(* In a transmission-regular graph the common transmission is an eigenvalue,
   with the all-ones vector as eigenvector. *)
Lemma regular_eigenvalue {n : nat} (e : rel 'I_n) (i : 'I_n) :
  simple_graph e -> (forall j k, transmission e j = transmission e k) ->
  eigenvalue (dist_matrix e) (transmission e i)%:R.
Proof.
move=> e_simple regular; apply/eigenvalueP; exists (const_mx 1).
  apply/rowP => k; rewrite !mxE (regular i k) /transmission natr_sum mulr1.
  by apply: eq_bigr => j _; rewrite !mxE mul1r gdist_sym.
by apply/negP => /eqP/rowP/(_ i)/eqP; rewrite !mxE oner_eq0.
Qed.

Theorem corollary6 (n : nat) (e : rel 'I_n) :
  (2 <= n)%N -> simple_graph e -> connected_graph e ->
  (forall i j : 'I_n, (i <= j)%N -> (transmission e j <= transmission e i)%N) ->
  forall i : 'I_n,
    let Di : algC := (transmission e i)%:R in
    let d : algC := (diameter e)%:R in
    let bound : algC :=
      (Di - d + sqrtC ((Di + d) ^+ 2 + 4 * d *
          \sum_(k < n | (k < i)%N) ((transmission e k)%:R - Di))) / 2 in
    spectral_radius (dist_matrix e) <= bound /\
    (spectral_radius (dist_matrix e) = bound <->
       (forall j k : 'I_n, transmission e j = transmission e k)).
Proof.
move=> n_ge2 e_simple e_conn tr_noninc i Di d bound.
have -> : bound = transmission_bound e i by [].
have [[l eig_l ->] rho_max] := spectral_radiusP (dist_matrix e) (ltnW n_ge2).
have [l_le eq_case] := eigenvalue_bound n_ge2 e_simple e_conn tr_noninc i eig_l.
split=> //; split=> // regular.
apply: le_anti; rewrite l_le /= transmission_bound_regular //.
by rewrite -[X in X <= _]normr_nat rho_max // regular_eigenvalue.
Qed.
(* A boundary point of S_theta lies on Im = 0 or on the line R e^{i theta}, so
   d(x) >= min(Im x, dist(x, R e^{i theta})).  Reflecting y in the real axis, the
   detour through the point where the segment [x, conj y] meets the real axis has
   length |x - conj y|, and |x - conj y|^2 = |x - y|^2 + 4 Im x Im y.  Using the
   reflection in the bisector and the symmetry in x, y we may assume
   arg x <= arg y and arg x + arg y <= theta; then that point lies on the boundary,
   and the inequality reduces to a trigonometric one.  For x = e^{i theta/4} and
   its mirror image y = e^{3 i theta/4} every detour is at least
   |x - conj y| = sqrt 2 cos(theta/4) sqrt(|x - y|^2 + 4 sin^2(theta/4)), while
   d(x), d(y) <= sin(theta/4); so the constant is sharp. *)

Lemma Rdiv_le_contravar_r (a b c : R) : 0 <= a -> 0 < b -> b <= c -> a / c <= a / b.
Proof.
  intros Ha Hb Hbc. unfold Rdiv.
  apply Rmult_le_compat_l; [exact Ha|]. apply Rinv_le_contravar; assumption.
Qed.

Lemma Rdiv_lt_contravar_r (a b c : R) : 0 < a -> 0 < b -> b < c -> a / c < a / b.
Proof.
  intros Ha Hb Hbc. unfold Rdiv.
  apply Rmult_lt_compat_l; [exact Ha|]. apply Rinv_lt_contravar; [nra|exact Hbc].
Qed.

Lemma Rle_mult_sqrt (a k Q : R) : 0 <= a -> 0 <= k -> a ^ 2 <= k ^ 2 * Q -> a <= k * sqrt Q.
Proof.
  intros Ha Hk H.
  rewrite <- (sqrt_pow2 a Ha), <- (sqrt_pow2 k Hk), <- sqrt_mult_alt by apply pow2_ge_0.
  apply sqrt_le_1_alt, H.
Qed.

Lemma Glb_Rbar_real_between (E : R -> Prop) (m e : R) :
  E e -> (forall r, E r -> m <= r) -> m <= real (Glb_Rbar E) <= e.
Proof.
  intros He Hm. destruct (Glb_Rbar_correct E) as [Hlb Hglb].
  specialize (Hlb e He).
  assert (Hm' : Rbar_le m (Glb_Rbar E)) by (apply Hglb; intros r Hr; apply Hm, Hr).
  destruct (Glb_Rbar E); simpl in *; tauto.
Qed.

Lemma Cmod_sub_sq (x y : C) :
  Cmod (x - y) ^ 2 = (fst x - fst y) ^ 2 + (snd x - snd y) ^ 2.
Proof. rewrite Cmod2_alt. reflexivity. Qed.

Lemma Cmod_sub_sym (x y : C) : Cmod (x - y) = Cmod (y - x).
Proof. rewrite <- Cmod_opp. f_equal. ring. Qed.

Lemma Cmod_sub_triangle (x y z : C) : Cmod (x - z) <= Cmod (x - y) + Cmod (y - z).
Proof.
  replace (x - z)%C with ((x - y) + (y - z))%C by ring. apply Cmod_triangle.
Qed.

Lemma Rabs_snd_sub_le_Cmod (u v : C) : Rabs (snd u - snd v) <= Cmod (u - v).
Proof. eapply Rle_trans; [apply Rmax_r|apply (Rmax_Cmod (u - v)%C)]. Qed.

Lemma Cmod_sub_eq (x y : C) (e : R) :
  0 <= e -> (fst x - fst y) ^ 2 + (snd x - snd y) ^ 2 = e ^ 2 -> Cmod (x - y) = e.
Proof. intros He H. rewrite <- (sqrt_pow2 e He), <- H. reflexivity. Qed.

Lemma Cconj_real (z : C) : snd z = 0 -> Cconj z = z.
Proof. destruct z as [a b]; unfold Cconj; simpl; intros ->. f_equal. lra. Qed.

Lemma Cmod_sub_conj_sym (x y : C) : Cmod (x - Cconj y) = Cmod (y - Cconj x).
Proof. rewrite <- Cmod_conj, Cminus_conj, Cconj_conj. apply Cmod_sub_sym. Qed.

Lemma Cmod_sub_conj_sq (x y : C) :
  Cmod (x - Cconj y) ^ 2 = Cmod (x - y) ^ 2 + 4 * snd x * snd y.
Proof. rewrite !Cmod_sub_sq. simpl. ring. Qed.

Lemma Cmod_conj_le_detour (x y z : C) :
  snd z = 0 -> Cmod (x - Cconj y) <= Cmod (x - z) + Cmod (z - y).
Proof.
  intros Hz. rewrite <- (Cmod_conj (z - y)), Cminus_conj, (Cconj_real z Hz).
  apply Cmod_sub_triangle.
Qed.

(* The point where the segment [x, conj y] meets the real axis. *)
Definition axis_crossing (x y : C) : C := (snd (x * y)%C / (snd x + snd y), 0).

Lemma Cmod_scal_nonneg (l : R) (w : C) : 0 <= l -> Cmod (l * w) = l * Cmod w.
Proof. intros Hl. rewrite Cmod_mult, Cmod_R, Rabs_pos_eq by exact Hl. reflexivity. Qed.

==

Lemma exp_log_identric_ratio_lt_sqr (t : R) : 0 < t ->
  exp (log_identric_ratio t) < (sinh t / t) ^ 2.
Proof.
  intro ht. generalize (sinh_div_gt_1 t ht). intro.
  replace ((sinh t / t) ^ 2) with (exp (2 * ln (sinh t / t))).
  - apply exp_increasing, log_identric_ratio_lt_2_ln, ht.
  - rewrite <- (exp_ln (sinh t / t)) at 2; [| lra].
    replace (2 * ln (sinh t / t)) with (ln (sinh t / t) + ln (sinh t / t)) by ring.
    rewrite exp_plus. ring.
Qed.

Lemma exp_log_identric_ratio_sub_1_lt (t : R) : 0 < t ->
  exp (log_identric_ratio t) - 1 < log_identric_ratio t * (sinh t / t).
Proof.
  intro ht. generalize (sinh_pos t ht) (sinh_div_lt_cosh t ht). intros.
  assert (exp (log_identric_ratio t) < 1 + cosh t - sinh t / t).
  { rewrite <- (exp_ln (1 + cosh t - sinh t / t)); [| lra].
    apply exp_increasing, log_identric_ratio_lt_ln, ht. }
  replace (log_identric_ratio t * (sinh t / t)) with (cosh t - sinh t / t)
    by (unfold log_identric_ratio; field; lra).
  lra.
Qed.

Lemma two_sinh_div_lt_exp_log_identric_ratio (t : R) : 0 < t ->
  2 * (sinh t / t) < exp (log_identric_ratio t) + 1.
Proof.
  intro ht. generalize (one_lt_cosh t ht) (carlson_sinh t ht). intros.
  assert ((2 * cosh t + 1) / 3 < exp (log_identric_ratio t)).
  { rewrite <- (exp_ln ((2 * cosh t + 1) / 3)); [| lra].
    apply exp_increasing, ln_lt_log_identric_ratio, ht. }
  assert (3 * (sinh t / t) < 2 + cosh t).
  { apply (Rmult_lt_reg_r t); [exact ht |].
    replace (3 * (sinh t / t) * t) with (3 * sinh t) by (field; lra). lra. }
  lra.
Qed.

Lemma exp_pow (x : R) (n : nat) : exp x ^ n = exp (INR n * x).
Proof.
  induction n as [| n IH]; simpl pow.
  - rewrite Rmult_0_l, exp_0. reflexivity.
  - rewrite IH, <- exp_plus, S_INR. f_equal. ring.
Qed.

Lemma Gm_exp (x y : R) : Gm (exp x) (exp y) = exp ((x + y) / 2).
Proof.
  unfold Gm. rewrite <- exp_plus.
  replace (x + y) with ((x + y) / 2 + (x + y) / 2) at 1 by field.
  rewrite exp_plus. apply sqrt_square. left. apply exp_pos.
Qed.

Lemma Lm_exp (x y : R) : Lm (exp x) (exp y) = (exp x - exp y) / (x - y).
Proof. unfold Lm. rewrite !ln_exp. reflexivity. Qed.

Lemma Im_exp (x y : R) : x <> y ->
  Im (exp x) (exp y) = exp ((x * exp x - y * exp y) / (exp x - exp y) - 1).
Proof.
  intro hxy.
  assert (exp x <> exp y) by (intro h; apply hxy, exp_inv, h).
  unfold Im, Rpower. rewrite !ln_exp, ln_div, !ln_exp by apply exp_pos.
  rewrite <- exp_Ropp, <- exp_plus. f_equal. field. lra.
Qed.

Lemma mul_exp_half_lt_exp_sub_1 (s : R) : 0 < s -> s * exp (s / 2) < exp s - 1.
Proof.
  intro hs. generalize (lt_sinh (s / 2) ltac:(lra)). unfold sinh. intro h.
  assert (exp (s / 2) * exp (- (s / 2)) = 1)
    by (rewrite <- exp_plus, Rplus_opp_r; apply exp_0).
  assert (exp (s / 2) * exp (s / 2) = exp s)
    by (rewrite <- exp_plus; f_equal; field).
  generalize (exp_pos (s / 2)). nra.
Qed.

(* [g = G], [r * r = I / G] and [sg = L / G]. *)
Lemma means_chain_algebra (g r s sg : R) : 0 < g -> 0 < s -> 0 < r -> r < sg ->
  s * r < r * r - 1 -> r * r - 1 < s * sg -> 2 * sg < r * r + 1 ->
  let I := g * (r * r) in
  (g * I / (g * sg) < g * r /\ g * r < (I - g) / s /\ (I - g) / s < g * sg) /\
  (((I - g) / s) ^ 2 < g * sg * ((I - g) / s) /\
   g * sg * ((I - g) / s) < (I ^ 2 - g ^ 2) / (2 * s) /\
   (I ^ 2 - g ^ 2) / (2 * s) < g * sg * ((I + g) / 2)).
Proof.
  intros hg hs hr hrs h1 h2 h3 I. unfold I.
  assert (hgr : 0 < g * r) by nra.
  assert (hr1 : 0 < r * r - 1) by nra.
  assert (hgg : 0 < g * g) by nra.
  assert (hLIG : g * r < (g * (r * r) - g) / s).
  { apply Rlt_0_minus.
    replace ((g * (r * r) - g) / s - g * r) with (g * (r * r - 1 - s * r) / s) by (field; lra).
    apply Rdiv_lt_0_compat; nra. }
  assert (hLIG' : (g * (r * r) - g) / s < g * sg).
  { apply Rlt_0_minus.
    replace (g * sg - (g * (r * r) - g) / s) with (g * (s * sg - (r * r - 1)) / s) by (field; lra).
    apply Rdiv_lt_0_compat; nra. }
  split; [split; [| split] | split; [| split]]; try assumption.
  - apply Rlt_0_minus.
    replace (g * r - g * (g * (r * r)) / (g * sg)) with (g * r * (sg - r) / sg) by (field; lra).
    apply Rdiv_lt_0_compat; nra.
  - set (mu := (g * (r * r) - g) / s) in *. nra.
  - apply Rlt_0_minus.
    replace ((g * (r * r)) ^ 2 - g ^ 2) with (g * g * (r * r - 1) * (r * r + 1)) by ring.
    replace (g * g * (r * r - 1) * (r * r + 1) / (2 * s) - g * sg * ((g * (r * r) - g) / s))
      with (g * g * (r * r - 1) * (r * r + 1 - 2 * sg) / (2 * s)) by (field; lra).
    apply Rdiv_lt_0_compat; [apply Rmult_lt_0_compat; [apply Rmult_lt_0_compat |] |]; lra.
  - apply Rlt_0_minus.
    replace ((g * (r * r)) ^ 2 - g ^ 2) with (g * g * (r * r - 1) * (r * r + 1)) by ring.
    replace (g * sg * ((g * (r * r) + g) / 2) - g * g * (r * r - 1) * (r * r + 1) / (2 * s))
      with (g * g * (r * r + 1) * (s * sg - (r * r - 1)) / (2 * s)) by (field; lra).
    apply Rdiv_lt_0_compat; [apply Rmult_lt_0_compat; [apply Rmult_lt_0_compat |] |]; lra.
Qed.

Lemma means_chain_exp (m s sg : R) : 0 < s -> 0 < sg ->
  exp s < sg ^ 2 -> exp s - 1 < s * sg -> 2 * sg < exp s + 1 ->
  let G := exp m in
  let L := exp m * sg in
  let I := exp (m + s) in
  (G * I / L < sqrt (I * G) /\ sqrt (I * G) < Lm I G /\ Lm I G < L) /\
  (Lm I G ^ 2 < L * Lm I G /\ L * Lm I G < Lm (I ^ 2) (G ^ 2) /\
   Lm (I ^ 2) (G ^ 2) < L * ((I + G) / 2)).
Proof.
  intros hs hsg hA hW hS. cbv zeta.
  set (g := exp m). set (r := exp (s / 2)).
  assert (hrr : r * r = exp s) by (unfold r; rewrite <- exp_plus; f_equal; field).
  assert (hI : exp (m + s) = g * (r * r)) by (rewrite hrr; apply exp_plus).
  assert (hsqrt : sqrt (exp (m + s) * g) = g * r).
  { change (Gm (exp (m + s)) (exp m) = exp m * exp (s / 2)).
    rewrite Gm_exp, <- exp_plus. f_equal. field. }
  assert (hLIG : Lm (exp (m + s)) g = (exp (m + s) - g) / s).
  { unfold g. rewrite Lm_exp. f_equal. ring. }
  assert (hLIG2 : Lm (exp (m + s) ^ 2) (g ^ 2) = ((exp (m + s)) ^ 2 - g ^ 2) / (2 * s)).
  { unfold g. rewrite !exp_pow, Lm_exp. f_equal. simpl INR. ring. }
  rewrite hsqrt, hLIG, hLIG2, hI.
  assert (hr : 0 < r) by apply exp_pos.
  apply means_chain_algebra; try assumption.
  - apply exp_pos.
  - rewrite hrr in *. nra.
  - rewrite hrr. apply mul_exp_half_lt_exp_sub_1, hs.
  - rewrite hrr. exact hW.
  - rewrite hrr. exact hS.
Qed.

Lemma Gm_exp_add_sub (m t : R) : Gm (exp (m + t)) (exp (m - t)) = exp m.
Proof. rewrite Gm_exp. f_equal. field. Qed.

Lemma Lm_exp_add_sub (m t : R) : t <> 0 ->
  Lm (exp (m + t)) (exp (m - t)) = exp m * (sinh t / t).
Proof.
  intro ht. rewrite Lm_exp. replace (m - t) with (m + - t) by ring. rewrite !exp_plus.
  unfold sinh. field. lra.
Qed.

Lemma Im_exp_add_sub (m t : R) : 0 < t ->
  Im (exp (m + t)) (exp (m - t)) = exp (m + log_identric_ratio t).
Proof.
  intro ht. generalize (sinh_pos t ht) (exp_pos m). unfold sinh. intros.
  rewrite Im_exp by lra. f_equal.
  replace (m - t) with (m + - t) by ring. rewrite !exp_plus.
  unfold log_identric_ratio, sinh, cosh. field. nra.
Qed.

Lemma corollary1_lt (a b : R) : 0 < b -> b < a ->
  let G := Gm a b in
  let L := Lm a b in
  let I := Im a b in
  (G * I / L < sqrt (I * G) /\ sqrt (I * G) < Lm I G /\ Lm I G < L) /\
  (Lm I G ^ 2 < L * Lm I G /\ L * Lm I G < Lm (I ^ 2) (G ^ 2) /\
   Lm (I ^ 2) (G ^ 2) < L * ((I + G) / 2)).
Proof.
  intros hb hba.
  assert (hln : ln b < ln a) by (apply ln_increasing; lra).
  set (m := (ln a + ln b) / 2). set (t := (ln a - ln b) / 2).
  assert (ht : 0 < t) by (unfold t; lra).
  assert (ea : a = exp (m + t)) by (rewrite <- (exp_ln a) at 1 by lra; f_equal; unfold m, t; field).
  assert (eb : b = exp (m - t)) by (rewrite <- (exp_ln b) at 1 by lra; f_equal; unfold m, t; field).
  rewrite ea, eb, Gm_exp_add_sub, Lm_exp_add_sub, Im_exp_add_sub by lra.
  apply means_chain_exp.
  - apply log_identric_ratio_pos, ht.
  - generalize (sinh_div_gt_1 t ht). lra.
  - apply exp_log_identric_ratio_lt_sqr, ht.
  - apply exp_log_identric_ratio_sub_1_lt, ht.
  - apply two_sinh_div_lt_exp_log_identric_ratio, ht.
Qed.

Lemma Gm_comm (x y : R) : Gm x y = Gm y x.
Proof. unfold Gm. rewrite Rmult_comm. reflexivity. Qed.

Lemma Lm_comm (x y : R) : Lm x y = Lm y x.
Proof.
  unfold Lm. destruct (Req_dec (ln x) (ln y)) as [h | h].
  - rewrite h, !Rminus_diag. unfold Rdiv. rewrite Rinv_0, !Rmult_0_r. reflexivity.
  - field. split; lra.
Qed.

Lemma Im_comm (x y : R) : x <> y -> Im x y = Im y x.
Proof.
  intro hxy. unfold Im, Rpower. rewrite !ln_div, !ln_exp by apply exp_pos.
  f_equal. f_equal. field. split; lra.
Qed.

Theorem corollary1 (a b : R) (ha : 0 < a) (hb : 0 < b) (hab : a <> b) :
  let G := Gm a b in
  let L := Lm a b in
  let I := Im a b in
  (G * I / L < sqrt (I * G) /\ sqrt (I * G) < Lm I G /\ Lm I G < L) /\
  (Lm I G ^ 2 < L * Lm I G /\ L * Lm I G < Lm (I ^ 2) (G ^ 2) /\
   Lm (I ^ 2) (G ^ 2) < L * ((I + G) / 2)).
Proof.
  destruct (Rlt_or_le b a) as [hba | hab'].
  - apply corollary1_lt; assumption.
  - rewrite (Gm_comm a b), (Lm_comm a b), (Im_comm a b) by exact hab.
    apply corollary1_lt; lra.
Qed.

**What you are asked to do:**
Out of the entries above, write out only the lines between the line holding "and the inequality" and the line holding "Proof. intros He", inclusive, each exactly as given.

**Written response:**
   and the inequality reduces to a trigonometric one.  For x = e^{i theta/4} and
   its mirror image y = e^{3 i theta/4} every detour is at least
   |x - conj y| = sqrt 2 cos(theta/4) sqrt(|x - y|^2 + 4 sin^2(theta/4)), while
   d(x), d(y) <= sin(theta/4); so the constant is sharp. *)

Lemma Rdiv_le_contravar_r (a b c : R) : 0 <= a -> 0 < b -> b <= c -> a / c <= a / b.
Proof.
  intros Ha Hb Hbc. unfold Rdiv.
  apply Rmult_le_compat_l; [exact Ha|]. apply Rinv_le_contravar; assumption.
Qed.

Lemma Rdiv_lt_contravar_r (a b c : R) : 0 < a -> 0 < b -> b < c -> a / c < a / b.
Proof.
  intros Ha Hb Hbc. unfold Rdiv.
  apply Rmult_lt_compat_l; [exact Ha|]. apply Rinv_lt_contravar; [nra|exact Hbc].
Qed.

Lemma Rle_mult_sqrt (a k Q : R) : 0 <= a -> 0 <= k -> a ^ 2 <= k ^ 2 * Q -> a <= k * sqrt Q.
Proof.
  intros Ha Hk H.
  rewrite <- (sqrt_pow2 a Ha), <- (sqrt_pow2 k Hk), <- sqrt_mult_alt by apply pow2_ge_0.
  apply sqrt_le_1_alt, H.
Qed.

Lemma Glb_Rbar_real_between (E : R -> Prop) (m e : R) :
  E e -> (forall r, E r -> m <= r) -> m <= real (Glb_Rbar E) <= e.
Proof.
  intros He Hm. destruct (Glb_Rbar_correct E) as [Hlb Hglb].
  specialize (Hlb e He).
  assert (Hm' : Rbar_le m (Glb_Rbar E)) by (apply Hglb; intros r Hr; apply Hm, Hr).
  destruct (Glb_Rbar E); simpl in *; tauto.
Qed.

Lemma Cmod_sub_sq (x y : C) :
  Cmod (x - y) ^ 2 = (fst x - fst y) ^ 2 + (snd x - snd y) ^ 2.
Proof. rewrite Cmod2_alt. reflexivity. Qed.

Lemma Cmod_sub_sym (x y : C) : Cmod (x - y) = Cmod (y - x).
Proof. rewrite <- Cmod_opp. f_equal. ring. Qed.

Lemma Cmod_sub_triangle (x y z : C) : Cmod (x - z) <= Cmod (x - y) + Cmod (y - z).
Proof.
  replace (x - z)%C with ((x - y) + (y - z))%C by ring. apply Cmod_triangle.
Qed.

Lemma Rabs_snd_sub_le_Cmod (u v : C) : Rabs (snd u - snd v) <= Cmod (u - v).
Proof. eapply Rle_trans; [apply Rmax_r|apply (Rmax_Cmod (u - v)%C)]. Qed.

Lemma Cmod_sub_eq (x y : C) (e : R) :
  0 <= e -> (fst x - fst y) ^ 2 + (snd x - snd y) ^ 2 = e ^ 2 -> Cmod (x - y) = e.
Proof. intros He H. rewrite <- (sqrt_pow2 e He), <- H. reflexivity. Qed.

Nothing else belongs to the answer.